_Your objective_: What lines of the data below hold "acar"? Show them.

_Data records_:
(* If $X$ is a discrete metric space with bounded geometry and finite APC-decomposition complexity, then $X$ has property A.
   Context: A discrete metric space $X$ has bounded geometry if for every $r>0$ there is $N_r$ with $|B(x,r)|<N_r$ for all $x\in X$. Such an $X$ has property A if for each $R,\varepsilon>0$ there is a map $\xi\colon X\to\ell^1(X)$ with $\|\xi_x\|_1=1$ for all $x$, $\|\xi_{x_1}-\xi_{x_2}\|_1\le\varepsilon$ whenever $d(x_1,x_2)\le R$, and some $S>0$ with $\operatorname{supp}\xi_x\subset\bar B(x,S)$ for all $x$. A family $\mathcal{U}$ of metric subspaces of $(X,d)$ is $r$-disjoint if $d(x,y)>r$ whenever $x\in U$, $y\in U'$, $U\neq U'$ in $\mathcal{U}$. For families $\mathcal{X},\mathcal{Y}$ and $R\in\mathbb{R}^{\mathbb{N}}$, $\mathcal{X}\xrightarrow{R}\mathcal{Y}$ means: there is an integer $k$ such that for each $X\in\mathcal{X}$ there are subcollections $\mathcal{U}_1,\dots,\mathcal{U}_k\subseteq\mathcal{Y}$ of subspaces of $X$, each $\mathcal{U}_i$ being $R_i$-disjoint, with $\bigcup_i\mathcal{U}_i$ covering $X$. A family is bounded if the diameters of its members are uniformly bounded. $\mathfrak{C}_0$ is the class of bounded families; for an ordinal $\alpha>0$, $\mathfrak{C}_\alpha$ is the class of families $\mathcal{X}$ such that for every $R\in\mathbb{R}^{\mathbb{N}}$ there exist $\beta<\alpha$ and $\mathcal{Y}\in\mathfrak{C}_\beta$ with $\mathcal{X}\xrightarrow{R}\mathcal{Y}$. A metric space has finite APC-decomposition complexity if it is a member of some family belonging to $\mathfrak{C}_\alpha$ for some ordinal $\alpha$. *)

From HB Require Import structures.
From mathcomp Require Import all_boot all_order all_algebra.
From mathcomp Require Import all_classical all_reals all_analysis.
From Stdlib Require Import List.
Set Implicit Arguments. Unset Strict Implicit. Unset Printing Implicit Defensive.
Import Order.TTheory GRing.Theory Num.Theory.
Local Open Scope classical_set_scope.
Local Open Scope ring_scope.
Lemma relent_eq0 : relent P Q = 0%E -> P = Q.
Proof.
have [ac|nac] := boolP (abs_continuous P Q); last by rewrite relent_oo.
rewrite relent_fin // relent_sum_gap => -[/psumr_eq0P gap0]; apply: boolp.funext => x.
have := gap0 (fun y _ => gap_ge0 y ac) x isT; rewrite /gap.
case: eqP => [-> /eqP|/eqP Px0 /eqP]; first by rewrite !sub0r opprK => /eqP ->.
move/forallP/(_ x): ac; rewrite Px0 /= => Qx0; rewrite subr_eq0 => /eqP.
by apply: mul_ln_div_eq_subr; rewrite lt0r ?Px0 ?Qx0 ?hP.1 ?hQ.1.
Qed.

End Gibbs_inequality.
End RelativeEntropy.

Section Paths.
Variables (R : realType) (n : nat).

Definition glue N (x : 'I_n) (v : path_space n N) : path_space n N.+1 :=
  [ffun t => if unlift ord0 t is Some s then v s else x].

Lemma glue_ord0 N x (v : path_space n N) : glue x v ord0 = x.
Proof. by rewrite ffunE unlift_none. Qed.

Lemma glue_lift N x (v : path_space n N) t : glue x v (lift ord0 t) = v t.
Proof. by rewrite ffunE liftK. Qed.

Lemma glue_ord_max N x (v : path_space n N) : glue x v ord_max = v ord_max.
Proof. by rewrite -(glue_lift x v); congr (glue _ _ _); apply: val_inj. Qed.

Lemma glue_bij N : bijective (fun p : 'I_n * path_space n N => glue p.1 p.2).
Proof.
exists (fun w : path_space n N.+1 => (w ord0, [ffun s => w (lift ord0 s)])).
  case=> x v; rewrite /= glue_ord0; congr pair.
  by apply/ffunP => s; rewrite ffunE glue_lift.
move=> w; apply/ffunP => t; rewrite ffunE /=.
by case: unliftP => [s ->|->]; rewrite ?ffunE.
Qed.

Lemma markov_meas_glue N (a : 'I_n -> R) (K : 'M[R]_n) x (v : path_space n N) :
  markov_meas a K (glue x v) = a x * markov_meas (K x) K v.
Proof.
rewrite /markov_meas big_ord_recl glue_ord0 !glue_lift.
have -> : widen_ord (leqnSn N.+1) ord0 = ord0 by apply: val_inj.
rewrite glue_ord0; congr (_ * (_ * _)); apply: eq_bigr => t _.
have -> : widen_ord (leqnSn N.+1) (lift ord0 t) = lift ord0 (widen_ord (leqnSn N) t).
  exact: val_inj.
by rewrite !glue_lift.
Qed.

Lemma markov_meas_endpoints N (a : 'I_n -> R) (K : 'M[R]_n) i j :
  \sum_(w : path_space n N | (w ord0 == i) && (w ord_max == j)) markov_meas a K w
  = a i * (K ^+ N) i j.
Proof.
elim: N a i => [|N IHN] a i.
  rewrite expr0 mxE (reindex (fun x : 'I_n => [ffun _ : 'I_1 => x])) /=; last first.
    exists (fun w : path_space n 0 => w ord0) => [x _|w _]; first by rewrite ffunE.
    by apply/ffunP => t; rewrite ffunE (ord1 t).
  under eq_bigl do rewrite !ffunE.
  rewrite big_mkcondr big_pred1_eq /markov_meas ffunE big_ord0 mulr1.
  by case: eqP; rewrite ?mulr1 ?mulr0.
rewrite (reindex _ (onW_bij _ (glue_bij N))) /=.
under eq_bigl do rewrite glue_ord0 glue_ord_max.
rewrite -(pair_big_dep (pred1 i) (fun _ (v : path_space n N) => v ord_max == j)
  (fun x v => markov_meas a K (glue x v))) big_pred1_eq /=.
under eq_bigr do rewrite markov_meas_glue.
rewrite -big_distrr /= exprS -mulmxE mxE; congr (_ * _).
rewrite (partition_big (fun v : path_space n N => v ord0) xpredT) //=.
by apply: eq_bigr => k _; under eq_bigl do rewrite andbC; rewrite IHN.
Qed.

Lemma marg_markov_meas_ord0 N (a : 'I_n -> R) (K : 'M[R]_n) i :
  marg (markov_meas (N := N) a K) ord0 i = a i * \sum_j (K ^+ N) i j.
Proof.
rewrite /marg (partition_big (fun w : path_space n N => w ord_max) xpredT) //=.
by rewrite big_distrr; apply: eq_bigr => j _; rewrite markov_meas_endpoints.
Qed.

Lemma marg_markov_meas_ord_max N (a : 'I_n -> R) (K : 'M[R]_n) j :
  marg (markov_meas (N := N) a K) ord_max j = \sum_i a i * (K ^+ N) i j.
Proof.
rewrite /marg (partition_big (fun w : path_space n N => w ord0) xpredT) //=.
by apply: eq_bigr => i _; under eq_bigl do rewrite andbC; rewrite markov_meas_endpoints.
Qed.

Lemma sum_marg N (P : path_space n N -> R) t : \sum_x marg P t x = \sum_w P w.
Proof. by rewrite (partition_big (fun w : path_space n N => w t) xpredT). Qed.

Lemma sum_marg_mul N (P : path_space n N -> R) t (h : 'I_n -> R) :
  \sum_w P w * h (w t) = \sum_x marg P t x * h x.
Proof.
rewrite (partition_big (fun w : path_space n N => w t) xpredT) //=.
by apply: eq_bigr => x _; rewrite /marg big_distrl; apply: eq_bigr => w /eqP ->.
Qed.

Lemma prod_path_ratio (F : fieldType) N (w : path_space n N) (g : 'I_n -> F) :
  (forall i, g i != 0) ->
  \prod_(t < N) (g (w (lift ord0 t)) / g (w (widen_ord (leqnSn N) t)))
  = g (w ord_max) / g (w ord0).
Proof.
move=> g_neq0; case: N w => [|N] w.
  by rewrite big_ord0 (ord1 ord_max) divff.
pose h k := g (w (inord k)).
have hE (t : 'I_N.+2) : g (w t) = h t by rewrite /h inord_val.
rewrite !hE (eq_bigr (fun t : 'I_N.+1 => h t.+1 / h t)) => [|t _]; last by rewrite !hE.
rewrite -(big_mkord xpredT (fun k => h k.+1 / h k)) telescope_prodf // => k _.
exact: g_neq0.
Qed.

End Paths.

Section MatrixPowers.
Variables (R : pzSemiRingType) (n : nat) (A : 'M[R]_n).

Lemma mulmx_exprl_fix m (u : 'M[R]_(m, n)) k : u *m A = u -> u *m A ^+ k = u.
Proof.
move=> uA; elim: k => [|k IHk]; first by rewrite expr0 mulmx1.
by rewrite exprSr -mulmxE mulmxA IHk uA.
Qed.

Lemma mulmx_exprr_fix m (v : 'M[R]_(n, m)) k : A *m v = v -> A ^+ k *m v = v.
Proof.
move=> Av; elim: k => [|k IHk]; first by rewrite expr0 mul1mx.
by rewrite exprS -mulmxE -mulmxA IHk Av.
Qed.

End MatrixPowers.

Section HTransform.
Variables (F : fieldType) (n : nat) (M : 'M[F]_n) (lam : F) (phi : 'rV[F]_n).
Hypotheses (lam_neq0 : lam != 0) (phi_neq0 : forall i, phi 0 i != 0).

Definition htransform := lam^-1 *: (invmx (diag_mx phi) *m M *m diag_mx phi).

Let phiV := \row_i (phi 0 i)^-1.

Let diag_mxK : diag_mx phi *m diag_mx phiV = 1%:M.
Proof.
rewrite mulmx_diag -diag_const_mx; congr diag_mx.
by apply/rowP => i; rewrite !mxE divff.
Qed.

Let diag_mx_unit : diag_mx phi \in unitmx.
Proof. by have [] := mulmx1_unit diag_mxK. Qed.

Lemma invmx_diag_mx : invmx (diag_mx phi) = diag_mx phiV.
Proof. by rewrite -[RHS](mulKmx diag_mx_unit) diag_mxK mulmx1. Qed.

Lemma htransformE i j : htransform i j = lam^-1 * (phi 0 j / phi 0 i) * M i j.
Proof. by rewrite /htransform invmx_diag_mx mul_mx_diag mul_diag_mx !mxE; ring. Qed.

Lemma htransform_stochastic : M *m phi^T = lam *: phi^T ->
  htransform *m const_mx 1 = const_mx 1 :> 'cV_n.
Proof.
move=> Mphi; have phiT : diag_mx phi *m (const_mx 1 : 'cV_n) = phi^T.
  by apply/matrixP => i j; rewrite mul_diag_mx !mxE mulr1 (ord1 j).
rewrite /htransform -scalemxAl -!mulmxA phiT Mphi -scalemxAr scalerA mulVf //.
by rewrite scale1r -phiT mulKmx.
Qed.

Lemma htransform_invariant (phih : 'rV[F]_n) : phih *m M = lam *: phih ->
  (phih *m diag_mx phi) *m htransform = phih *m diag_mx phi.
Proof.
move=> phihM; rewrite /htransform -scalemxAr !mulmxA mulmxK // phihM.
by rewrite -!scalemxAl scalerA mulVf // scale1r.
Qed.

End HTransform.

Section SchroedingerBridge.
Variables (R : realType) (n N : nat) (M : 'M[R]_n) (lam : R) (phi phih : 'rV[R]_n).
Variable mu0 : 'I_n -> R.
Hypotheses (M_ge0 : forall i j, 0 <= M i j) (lam_gt0 : 0 < lam).
Hypotheses (phi_gt0 : forall i, 0 < phi 0 i) (phih_gt0 : forall i, 0 < phih 0 i).
Hypotheses (phi_right : M *m phi^T = lam *: phi^T).
Hypothesis phih_left : M^T *m phih^T = lam *: phih^T.
Hypotheses (phi_phih_sum : \sum_x phi 0 x * phih 0 x = 1) (mu0_gt0 : forall x, 0 < mu0 x).
(* Let $i:B\to A$ be a $k$-linear $X$-functor from a diagonal $k$-linear category $B$ to a $k$-linear category $A$, and assume that $A_{xy}$ is flat as a left $B_x$-module for all $x,y\in X$. Then the following are equivalent: (1) $A_{xx}$ is faithfully flat as a left $B_x$-module for every $x\in X$; (2) the adjoint pair $(F,G)$ between $\mathcal{D}_k(X)_B$ and $\underline{\rm Desc}_B(A)$ is a pair of inverse equivalences, where $F(N)_{xy}=N_x\otimes_{B_x}A_{xy}$ with $\sigma_{xy}(n\otimes_{B_x}a)=n\otimes_{B_x}1_x\otimes_{B_x}a$ and $G(M,\sigma)_x=\{m\in M_{xx}\mid\sigma_{xx}(m)=m\otimes_{B_x}1_x\}$ (unit $n\mapsto n\otimes_{B_x}1_x$, counit $m\otimes_{B_x}a\mapsto ma$).
   Context: Let $k$ be a commutative ring; unadorned $\otimes$ is over $k$. A $k$-linear category $A$ with class of objects $X$ consists of $k$-modules $A_{xy}$, associative compositions $A_{xy}\otimes A_{yz}\to A_{xz}$, $a\otimes b\mapsto ab$, and units $1_x\in A_{xx}$. A right $A$-module is a family $(M_{xy})$ with maps $M_{xy}\otimes A_{yz}\to M_{xz}$, associative and unital. A diagonal $k$-linear category $B$ is a family of $k$-algebras $(B_x)_{x\in X}$. $\mathcal{D}_k(X)_B$ is the category of families $N=(N_x)$ with $N_x$ a right $B_x$-module (morphisms: families of $B_x$-linear maps). A $k$-linear $X$-functor $i:B\to A$ amounts to $k$-algebra morphisms $i_x:B_x\to A_{xx}$, making $A_{xy}$ a $B_x$-$B_y$-bimodule. A descent datum $(M,\sigma)$ for $i$ is a right $A$-module $M$ with $k$-linear maps $\sigma_{xy}:M_{xy}\to M_{xx}\otimes_{B_x}A_{xy}$, $\sigma_{xy}(m)=m_{<0>}\otimes_{B_x}m_{<1>}$, such that for all $m\in M_{xy}$, $a\in A_{yz}$: (i) $\sigma_{xz}(ma)=m_{<0>}\otimes_{B_x}m_{<1>}a$; (ii) $\sigma_{xx}(m_{<0>})\otimes_{B_x}m_{<1>}=m_{<0>}\otimes_{B_x}1_x\otimes_{B_x}m_{<1>}$; (iii) $m_{<0>}m_{<1>}=m$. A morphism of descent data $f:(M,\sigma)\to(M',\sigma')$ is a morphism of right $A$-modules with $f_{xx}(m_{<0>})\otimes_{B_x}m_{<1>}=\sigma'_{xy}(f_{xy}(m))$. $\underline{\rm Desc}_B(A)$ is the category of descent data. $F$ and $G$ act on morphisms by $F(g)_{xy}=g_x\otimes_{B_x}A_{xy}$ and $G(f)_x=f_{xx}$ restricted. *)

(* MathComp has no tensor products of modules over noncommutative rings, so we
   build N (x)_R L here as the quotient of formal sums (lists of pairs) by the
   congruence generated by the usual bilinearity / balancing relations.
   The quotient is realised classically (classes = predicates on lists), so
   that every operation below is a plain definition (no proof obligations). *)
From HB Require Import structures.
From mathcomp Require Import all_boot all_algebra.
From Stdlib Require Import ClassicalEpsilon Permutation.
Set Implicit Arguments. Unset Strict Implicit. Unset Printing Implicit Defensive.
Import GRing.Theory.
Local Open Scope ring_scope.

Section Defs.
Variable k : comPzRingType.

Record rawmod := RawMod {
  rcar :> Type;
  radd : rcar -> rcar -> rcar;
  rzero : rcar;
  rscale : k -> rcar -> rcar }.

Definition of_lmod (V : lmodType k) : rawmod :=
  @RawMod (V : Type) (@GRing.add V) (0 : V) (@GRing.scale k V).

Definition klinear (U V : lmodType k) (f : U -> V) : Prop :=
  forall (c : k) (u v : U), f (c *: u + v) = c *: f u + f v.

Record kalg := KAlg {
  acar :> lmodType k;
  amul : acar -> acar -> acar;
  aone : acar;
  amulA : forall a b c, amul a (amul b c) = amul (amul a b) c;
  amul1l : forall a, amul aone a = a;
  amul1r : forall a, amul a aone = a;
  amul_linl : forall b, klinear (fun a => amul a b);
  amul_linr : forall a, klinear (amul a) }.

Record kcat (X : Type) := KCat {
  Hom : X -> X -> lmodType k;
  comp : forall x y z, Hom x y -> Hom y z -> Hom x z;
  idm : forall x, Hom x x;
  compA : forall x y z w (a : Hom x y) (b : Hom y z) (c : Hom z w),
      comp a (comp b c) = comp (comp a b) c;
  comp1l : forall x y (a : Hom x y), comp (idm x) a = a;
  comp1r : forall x y (a : Hom x y), comp a (idm y) = a;
  comp_linl : forall x y z (b : Hom y z), klinear (fun a : Hom x y => comp a b);
  comp_linr : forall x y z (a : Hom x y), klinear (fun b : Hom y z => comp a b) }.
Arguments comp {X} _ {x y z}.
Arguments idm {X} _ x.
Arguments Hom {X} _ x y.

(* a diagonal k-linear category B is a family (B x)_{x in X} of k-algebras;
   a k-linear X-functor i : B -> A is a family of algebra maps B_x -> A_xx *)
Record kXfunctor (X : Type) (B : X -> kalg) (A : kcat X) := KXFunctor {
  ifun : forall x, B x -> Hom A x x;
  ifun_lin : forall x, klinear (@ifun x);
  ifun_mul : forall x (a b : B x), @ifun x (amul a b) = comp A (@ifun x a) (@ifun x b);
  ifun_one : forall x, @ifun x (aone (B x)) = idm A x }.
Arguments ifun {X B A} _ x.

(* right modules over a k-algebra (objects N_x of D_k(X)_B) *)
Record rmodule (R : kalg) := RModule {
  rmc :> lmodType k;
  rma : rmc -> R -> rmc;
  rma_linl : forall r, klinear (fun m => rma m r);
  rma_linr : forall m, klinear (rma m);
  rmaA : forall m r s, rma (rma m r) s = rma m (amul r s);
  rma1 : forall m, rma m (aone R) = m }.
Arguments rma {R} _.

Definition rmod_hom (R : kalg) (N N' : rmodule R) (f : N -> N') : Prop :=
  klinear f /\ forall n r, f (rma N n r) = rma N' (f n) r.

_Task solution_:
  acar :> lmodType k;
  amul : acar -> acar -> acar;
  aone : acar;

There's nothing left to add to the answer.